[Collected data entries]
*** Begin section ***

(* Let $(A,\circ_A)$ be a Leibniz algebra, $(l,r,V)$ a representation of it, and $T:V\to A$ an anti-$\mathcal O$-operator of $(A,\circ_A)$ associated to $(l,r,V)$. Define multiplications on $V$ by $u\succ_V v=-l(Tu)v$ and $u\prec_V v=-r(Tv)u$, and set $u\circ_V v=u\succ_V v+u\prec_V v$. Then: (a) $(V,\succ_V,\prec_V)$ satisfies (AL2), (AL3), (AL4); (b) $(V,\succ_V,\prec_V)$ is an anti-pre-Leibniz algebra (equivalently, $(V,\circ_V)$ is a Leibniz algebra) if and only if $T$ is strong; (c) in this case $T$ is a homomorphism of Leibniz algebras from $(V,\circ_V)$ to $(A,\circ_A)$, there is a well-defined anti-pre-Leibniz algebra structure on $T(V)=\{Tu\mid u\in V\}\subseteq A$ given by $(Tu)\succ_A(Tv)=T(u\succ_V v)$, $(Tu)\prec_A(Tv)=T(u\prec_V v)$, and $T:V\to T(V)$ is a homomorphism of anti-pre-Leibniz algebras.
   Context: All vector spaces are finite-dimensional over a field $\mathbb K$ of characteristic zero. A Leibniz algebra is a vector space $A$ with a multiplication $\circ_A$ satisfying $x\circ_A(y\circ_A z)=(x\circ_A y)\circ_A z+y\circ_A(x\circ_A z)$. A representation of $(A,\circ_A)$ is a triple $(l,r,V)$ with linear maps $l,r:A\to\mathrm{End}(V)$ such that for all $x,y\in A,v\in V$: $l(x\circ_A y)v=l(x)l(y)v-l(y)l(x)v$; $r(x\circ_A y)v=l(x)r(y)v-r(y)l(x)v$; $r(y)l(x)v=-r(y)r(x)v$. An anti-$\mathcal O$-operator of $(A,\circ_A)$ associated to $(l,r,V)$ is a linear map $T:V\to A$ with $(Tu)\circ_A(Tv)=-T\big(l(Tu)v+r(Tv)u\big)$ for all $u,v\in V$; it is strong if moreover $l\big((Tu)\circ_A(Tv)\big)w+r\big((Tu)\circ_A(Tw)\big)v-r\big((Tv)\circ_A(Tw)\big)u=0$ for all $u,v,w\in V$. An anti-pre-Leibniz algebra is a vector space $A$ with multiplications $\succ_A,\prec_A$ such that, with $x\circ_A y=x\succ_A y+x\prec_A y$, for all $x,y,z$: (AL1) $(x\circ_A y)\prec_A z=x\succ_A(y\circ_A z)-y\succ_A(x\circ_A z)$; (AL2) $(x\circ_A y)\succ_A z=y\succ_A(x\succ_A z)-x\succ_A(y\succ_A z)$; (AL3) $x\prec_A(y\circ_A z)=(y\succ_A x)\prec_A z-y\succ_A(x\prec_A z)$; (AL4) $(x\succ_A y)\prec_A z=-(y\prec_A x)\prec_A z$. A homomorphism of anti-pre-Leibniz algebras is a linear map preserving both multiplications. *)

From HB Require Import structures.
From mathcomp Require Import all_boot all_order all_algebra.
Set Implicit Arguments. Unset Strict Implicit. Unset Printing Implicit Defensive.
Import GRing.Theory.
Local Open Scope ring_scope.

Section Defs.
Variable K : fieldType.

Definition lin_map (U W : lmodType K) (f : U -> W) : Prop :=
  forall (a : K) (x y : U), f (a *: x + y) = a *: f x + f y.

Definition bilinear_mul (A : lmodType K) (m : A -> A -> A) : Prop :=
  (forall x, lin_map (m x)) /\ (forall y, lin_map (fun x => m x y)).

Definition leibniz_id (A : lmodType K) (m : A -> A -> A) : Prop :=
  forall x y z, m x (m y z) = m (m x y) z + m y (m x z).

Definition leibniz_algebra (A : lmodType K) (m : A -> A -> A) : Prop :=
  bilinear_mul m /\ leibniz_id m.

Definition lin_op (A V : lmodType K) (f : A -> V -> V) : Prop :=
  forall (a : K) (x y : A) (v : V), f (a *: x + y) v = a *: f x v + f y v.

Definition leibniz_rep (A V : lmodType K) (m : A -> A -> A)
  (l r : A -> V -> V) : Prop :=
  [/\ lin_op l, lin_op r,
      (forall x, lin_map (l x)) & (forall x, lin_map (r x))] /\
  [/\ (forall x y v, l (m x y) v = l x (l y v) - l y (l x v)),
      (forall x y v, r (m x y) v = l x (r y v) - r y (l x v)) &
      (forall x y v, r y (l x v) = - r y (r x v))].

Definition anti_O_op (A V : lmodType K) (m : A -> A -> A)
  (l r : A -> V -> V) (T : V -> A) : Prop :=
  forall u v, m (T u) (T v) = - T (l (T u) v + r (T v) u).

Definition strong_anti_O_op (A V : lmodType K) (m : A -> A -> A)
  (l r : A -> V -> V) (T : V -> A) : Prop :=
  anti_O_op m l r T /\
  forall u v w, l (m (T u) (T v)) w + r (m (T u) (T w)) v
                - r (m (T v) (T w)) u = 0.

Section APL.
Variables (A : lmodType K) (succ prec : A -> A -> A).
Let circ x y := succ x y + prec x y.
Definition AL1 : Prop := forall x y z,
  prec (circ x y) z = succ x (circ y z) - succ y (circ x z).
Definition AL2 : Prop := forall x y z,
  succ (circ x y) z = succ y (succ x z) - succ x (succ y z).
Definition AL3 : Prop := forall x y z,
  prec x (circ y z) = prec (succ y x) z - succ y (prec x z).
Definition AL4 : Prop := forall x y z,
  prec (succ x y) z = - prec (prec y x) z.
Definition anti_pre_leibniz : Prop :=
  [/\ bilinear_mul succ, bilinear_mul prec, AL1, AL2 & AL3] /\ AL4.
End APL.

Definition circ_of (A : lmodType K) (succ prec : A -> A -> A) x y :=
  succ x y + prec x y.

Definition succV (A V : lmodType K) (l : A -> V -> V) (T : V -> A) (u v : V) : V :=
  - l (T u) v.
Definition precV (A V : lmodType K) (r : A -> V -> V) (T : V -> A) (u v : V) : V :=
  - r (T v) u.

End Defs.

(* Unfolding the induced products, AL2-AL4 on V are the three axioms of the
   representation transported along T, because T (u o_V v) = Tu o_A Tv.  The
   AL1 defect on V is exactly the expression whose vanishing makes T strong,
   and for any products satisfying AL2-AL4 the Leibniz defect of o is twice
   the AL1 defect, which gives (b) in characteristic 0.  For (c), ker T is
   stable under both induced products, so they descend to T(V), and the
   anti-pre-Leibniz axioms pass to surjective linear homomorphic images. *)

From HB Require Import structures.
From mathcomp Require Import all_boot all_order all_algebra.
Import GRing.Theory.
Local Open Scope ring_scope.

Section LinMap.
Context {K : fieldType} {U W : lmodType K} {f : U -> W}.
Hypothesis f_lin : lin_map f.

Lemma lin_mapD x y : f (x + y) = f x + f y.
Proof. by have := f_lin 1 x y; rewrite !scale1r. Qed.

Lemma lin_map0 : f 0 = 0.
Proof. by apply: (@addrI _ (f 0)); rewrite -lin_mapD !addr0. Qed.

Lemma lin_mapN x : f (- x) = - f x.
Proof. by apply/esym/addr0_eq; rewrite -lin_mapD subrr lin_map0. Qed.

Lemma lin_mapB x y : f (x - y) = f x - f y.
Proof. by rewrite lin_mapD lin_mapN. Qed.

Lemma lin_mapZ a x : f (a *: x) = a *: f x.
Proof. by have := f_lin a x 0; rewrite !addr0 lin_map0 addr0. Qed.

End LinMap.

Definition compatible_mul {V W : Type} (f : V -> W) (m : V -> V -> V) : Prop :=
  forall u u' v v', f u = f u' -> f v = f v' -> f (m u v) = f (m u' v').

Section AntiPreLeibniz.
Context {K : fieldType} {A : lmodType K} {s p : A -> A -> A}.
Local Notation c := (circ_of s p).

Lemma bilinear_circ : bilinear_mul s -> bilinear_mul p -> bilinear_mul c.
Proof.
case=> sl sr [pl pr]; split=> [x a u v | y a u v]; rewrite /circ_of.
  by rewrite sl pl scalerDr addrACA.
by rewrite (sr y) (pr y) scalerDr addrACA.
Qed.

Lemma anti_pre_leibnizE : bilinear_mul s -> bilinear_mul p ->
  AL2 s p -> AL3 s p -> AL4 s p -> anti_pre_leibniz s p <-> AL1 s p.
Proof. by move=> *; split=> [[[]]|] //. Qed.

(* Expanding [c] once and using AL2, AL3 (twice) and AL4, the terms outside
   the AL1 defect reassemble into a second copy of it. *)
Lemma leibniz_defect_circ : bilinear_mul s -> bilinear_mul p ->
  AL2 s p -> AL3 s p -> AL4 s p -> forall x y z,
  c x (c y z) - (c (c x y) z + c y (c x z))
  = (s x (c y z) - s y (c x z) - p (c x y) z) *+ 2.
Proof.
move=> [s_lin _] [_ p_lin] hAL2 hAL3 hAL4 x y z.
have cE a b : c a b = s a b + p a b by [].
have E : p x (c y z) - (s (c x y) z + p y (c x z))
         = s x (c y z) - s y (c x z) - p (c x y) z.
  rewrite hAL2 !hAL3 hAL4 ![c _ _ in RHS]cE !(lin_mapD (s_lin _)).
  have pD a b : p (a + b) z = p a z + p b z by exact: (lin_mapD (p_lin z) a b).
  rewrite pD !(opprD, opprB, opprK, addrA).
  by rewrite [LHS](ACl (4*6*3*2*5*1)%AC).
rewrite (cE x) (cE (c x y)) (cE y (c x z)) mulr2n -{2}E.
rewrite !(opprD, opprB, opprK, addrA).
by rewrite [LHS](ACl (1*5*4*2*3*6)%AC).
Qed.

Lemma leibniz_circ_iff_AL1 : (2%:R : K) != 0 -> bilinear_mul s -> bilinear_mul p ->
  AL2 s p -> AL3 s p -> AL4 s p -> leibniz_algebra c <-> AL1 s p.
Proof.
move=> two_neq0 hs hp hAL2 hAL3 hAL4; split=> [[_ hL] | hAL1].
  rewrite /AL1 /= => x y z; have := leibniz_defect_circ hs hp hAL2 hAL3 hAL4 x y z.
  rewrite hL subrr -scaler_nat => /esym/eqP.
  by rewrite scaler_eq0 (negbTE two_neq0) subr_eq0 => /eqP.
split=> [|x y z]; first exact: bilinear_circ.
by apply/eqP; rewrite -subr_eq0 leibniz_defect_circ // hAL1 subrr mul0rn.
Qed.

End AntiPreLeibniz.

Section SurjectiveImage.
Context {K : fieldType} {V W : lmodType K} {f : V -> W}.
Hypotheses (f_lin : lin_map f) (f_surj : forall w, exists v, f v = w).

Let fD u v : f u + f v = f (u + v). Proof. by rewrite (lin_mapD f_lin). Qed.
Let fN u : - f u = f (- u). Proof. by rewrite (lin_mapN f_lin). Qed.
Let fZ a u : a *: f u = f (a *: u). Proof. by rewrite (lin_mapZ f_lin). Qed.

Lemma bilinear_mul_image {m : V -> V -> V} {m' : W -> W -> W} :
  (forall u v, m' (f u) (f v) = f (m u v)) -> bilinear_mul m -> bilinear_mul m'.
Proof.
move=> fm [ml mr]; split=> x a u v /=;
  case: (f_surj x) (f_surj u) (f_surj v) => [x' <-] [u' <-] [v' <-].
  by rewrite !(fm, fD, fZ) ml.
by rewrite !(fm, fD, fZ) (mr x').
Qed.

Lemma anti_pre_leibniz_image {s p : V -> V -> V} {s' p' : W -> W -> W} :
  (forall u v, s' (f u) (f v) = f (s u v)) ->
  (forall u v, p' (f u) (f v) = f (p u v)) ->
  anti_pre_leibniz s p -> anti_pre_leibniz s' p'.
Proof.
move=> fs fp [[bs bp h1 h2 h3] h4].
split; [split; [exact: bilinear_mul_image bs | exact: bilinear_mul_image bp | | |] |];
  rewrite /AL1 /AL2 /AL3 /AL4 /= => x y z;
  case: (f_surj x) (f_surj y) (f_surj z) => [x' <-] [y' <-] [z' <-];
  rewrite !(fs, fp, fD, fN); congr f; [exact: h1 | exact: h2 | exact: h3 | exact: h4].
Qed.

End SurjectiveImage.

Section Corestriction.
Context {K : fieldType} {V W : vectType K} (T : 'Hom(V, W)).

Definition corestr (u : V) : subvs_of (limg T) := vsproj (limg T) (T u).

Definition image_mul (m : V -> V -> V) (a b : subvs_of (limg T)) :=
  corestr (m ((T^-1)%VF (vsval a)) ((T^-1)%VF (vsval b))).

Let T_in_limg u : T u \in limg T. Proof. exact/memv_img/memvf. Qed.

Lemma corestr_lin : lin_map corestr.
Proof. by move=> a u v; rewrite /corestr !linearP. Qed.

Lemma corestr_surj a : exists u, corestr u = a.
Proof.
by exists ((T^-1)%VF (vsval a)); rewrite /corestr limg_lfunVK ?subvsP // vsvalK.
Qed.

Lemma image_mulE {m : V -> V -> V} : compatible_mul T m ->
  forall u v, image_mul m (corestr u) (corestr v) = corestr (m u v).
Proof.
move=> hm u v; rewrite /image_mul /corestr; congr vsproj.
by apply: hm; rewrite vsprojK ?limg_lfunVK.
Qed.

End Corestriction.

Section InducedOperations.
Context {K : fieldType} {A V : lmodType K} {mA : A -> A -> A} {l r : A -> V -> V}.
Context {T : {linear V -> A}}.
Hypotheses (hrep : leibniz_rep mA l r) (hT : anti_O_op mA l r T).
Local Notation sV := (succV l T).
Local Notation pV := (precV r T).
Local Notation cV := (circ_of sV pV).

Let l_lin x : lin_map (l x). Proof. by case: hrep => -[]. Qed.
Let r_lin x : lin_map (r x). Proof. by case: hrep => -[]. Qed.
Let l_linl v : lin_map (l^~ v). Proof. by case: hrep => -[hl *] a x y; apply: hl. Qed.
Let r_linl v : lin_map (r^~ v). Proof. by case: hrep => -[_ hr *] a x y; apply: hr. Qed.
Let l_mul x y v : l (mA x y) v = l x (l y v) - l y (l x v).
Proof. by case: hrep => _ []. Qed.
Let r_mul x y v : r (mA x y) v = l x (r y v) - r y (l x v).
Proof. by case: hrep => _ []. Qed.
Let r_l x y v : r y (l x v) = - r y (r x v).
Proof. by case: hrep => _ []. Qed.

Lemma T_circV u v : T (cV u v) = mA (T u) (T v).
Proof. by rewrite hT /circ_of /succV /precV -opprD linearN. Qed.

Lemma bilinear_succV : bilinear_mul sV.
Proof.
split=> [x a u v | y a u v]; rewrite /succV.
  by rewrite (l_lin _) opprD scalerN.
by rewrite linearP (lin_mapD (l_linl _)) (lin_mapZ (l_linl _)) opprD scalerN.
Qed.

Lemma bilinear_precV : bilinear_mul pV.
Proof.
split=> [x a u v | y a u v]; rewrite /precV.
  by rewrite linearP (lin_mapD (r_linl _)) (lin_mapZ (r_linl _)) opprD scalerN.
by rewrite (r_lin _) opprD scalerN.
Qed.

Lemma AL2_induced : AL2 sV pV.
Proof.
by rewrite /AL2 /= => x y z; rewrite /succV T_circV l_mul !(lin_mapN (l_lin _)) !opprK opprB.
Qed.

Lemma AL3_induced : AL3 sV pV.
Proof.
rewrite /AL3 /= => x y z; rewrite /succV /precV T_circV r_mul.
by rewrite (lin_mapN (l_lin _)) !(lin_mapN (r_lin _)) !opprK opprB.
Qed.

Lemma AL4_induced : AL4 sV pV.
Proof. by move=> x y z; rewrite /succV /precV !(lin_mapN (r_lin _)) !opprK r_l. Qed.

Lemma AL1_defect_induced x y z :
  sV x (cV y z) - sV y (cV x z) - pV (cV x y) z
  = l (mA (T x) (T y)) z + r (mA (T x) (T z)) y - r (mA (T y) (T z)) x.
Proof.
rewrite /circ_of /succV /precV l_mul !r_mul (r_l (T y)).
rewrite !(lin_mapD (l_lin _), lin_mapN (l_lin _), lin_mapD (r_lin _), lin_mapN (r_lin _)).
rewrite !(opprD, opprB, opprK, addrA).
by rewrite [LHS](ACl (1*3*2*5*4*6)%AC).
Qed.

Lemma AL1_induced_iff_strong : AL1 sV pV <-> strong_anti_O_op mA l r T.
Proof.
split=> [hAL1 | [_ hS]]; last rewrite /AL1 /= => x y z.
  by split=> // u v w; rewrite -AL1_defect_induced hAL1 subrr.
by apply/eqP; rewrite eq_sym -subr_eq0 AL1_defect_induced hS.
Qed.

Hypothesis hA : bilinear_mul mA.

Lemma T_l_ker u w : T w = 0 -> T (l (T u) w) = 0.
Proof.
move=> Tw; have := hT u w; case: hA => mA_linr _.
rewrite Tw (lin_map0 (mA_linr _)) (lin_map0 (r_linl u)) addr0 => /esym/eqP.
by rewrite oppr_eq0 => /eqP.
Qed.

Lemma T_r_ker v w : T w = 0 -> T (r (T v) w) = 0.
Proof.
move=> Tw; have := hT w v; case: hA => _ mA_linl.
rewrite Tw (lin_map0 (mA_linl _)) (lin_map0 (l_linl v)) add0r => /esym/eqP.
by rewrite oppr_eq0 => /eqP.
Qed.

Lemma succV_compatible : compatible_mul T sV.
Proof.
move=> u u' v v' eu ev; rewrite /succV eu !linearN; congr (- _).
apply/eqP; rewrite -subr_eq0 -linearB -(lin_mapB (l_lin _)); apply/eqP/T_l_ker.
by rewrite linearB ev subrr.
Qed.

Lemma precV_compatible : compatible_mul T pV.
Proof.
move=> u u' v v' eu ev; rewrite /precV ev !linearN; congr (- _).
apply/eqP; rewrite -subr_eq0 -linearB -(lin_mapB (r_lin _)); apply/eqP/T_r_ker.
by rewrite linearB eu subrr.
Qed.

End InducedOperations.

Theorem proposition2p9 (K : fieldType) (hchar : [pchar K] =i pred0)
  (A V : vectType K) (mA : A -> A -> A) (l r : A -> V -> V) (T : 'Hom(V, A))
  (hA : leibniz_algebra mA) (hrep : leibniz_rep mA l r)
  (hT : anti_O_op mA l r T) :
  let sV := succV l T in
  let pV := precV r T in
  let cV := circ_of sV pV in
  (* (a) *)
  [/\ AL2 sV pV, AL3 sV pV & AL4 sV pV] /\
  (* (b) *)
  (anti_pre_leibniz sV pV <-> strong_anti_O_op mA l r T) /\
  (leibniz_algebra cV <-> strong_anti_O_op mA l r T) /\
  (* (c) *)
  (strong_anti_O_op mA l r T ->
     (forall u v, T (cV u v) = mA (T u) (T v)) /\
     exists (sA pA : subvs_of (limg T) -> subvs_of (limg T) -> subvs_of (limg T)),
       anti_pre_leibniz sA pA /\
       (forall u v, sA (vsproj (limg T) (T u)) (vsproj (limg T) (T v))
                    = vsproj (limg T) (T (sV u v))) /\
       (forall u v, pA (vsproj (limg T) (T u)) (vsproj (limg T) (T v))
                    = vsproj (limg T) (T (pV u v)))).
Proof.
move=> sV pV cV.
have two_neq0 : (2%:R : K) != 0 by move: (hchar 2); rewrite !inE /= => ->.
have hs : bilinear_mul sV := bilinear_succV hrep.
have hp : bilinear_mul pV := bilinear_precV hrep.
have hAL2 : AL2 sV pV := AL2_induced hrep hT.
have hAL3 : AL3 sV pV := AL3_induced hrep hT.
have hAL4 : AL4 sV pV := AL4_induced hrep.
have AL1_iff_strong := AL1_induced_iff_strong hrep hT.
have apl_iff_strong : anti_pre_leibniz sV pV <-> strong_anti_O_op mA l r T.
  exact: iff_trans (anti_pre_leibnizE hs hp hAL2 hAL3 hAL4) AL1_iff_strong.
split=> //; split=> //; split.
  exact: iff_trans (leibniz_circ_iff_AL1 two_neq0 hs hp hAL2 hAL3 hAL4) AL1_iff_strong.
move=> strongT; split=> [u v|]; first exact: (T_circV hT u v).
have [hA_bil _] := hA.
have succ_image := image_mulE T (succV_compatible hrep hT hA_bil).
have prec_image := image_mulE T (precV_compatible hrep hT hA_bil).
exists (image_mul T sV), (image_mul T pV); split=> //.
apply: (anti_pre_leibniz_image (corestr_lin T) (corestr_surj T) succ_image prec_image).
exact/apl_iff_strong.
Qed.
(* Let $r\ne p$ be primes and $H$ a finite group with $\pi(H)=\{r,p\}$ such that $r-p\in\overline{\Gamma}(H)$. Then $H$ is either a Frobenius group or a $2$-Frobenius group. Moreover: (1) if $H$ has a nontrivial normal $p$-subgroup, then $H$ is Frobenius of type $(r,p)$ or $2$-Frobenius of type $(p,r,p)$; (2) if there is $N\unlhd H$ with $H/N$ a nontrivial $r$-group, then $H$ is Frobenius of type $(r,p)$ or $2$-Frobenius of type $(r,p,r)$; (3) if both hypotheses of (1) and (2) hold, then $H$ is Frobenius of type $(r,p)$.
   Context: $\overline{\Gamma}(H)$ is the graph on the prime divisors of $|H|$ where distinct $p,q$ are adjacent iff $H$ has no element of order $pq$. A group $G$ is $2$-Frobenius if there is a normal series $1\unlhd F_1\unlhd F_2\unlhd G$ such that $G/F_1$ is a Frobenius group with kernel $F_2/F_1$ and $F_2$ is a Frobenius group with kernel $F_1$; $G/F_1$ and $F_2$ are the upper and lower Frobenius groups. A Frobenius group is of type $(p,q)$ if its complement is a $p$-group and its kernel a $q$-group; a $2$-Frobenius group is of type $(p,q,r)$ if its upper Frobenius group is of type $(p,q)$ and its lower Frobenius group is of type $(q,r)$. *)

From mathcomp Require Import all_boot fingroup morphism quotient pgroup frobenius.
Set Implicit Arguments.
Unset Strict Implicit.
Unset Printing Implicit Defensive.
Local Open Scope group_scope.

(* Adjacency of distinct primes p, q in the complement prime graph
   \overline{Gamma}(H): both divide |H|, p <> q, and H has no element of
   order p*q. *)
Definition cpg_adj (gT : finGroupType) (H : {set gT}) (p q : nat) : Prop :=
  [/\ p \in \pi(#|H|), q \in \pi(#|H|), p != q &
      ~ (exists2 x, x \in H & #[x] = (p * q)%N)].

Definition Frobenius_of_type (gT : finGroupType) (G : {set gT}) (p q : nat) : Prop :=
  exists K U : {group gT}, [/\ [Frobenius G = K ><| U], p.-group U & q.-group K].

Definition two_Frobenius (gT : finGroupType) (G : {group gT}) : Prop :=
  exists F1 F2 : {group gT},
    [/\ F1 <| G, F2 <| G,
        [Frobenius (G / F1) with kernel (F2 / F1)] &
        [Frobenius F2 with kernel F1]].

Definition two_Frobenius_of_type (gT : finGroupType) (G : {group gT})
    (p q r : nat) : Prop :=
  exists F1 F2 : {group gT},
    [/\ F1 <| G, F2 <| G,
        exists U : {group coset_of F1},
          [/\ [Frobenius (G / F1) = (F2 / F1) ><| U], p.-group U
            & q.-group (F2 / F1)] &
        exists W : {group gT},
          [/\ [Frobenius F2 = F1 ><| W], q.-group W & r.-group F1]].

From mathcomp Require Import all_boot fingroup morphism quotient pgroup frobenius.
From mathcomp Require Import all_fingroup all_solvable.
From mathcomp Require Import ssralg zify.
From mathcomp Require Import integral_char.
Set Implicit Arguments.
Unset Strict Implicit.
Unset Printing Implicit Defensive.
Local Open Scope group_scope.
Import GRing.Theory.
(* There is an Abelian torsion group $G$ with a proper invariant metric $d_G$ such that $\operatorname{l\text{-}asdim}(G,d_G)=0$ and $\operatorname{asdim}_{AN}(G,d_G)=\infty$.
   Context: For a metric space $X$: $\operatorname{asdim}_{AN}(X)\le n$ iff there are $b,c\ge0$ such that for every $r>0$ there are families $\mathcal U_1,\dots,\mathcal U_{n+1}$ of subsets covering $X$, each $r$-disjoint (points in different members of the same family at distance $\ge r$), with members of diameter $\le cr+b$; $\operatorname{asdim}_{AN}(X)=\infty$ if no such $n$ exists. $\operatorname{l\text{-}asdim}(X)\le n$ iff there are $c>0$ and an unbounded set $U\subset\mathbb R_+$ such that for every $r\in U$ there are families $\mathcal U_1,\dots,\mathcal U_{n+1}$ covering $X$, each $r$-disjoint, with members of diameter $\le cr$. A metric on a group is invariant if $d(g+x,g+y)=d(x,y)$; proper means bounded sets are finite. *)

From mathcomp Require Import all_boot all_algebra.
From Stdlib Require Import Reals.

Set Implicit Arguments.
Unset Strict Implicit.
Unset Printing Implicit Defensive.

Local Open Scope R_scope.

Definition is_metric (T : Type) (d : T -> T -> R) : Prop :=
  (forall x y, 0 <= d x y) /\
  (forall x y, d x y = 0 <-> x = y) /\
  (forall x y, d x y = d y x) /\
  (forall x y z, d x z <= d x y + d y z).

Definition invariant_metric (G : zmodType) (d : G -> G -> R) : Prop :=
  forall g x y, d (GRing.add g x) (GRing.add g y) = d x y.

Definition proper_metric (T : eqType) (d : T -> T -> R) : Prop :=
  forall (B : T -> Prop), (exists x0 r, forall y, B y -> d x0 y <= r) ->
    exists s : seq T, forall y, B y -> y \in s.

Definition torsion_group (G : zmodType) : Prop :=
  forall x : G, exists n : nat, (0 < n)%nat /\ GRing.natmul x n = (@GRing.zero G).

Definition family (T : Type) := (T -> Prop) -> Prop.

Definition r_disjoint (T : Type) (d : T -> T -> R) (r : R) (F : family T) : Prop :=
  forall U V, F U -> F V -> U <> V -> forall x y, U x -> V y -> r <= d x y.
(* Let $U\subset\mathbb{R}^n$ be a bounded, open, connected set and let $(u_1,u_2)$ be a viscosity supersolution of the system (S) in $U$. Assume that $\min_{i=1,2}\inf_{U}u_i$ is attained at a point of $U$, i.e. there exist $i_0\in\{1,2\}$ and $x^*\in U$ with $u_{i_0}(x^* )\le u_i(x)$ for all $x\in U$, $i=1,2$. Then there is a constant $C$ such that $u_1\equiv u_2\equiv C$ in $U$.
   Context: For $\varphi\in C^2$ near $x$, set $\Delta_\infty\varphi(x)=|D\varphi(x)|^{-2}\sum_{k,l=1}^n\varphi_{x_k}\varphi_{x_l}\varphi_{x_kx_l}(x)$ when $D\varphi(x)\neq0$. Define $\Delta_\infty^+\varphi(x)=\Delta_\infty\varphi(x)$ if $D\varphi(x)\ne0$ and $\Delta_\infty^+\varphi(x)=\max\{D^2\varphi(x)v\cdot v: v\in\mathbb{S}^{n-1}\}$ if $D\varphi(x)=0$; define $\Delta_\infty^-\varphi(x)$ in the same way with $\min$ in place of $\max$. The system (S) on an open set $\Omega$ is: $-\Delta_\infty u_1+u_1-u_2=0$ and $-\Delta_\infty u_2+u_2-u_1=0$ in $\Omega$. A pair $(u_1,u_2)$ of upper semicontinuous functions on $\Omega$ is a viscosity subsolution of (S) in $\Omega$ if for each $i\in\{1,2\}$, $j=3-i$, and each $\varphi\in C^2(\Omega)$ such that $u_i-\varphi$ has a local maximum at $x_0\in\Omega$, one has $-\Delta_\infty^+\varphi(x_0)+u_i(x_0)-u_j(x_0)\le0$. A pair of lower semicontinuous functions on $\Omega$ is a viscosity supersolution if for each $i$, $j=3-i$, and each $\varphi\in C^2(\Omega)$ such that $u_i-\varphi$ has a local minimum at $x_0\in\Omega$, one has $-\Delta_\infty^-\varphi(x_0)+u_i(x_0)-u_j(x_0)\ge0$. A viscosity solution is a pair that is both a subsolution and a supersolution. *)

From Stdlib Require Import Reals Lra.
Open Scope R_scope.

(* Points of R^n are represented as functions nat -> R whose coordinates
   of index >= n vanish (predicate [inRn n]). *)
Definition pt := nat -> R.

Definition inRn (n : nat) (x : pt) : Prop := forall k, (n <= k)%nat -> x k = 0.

*** End section ***

*Assigned task*
Copy every line where the word "Corestriction" is present in the entries above.

*Exercise solution*
Section Corestriction.
End Corestriction.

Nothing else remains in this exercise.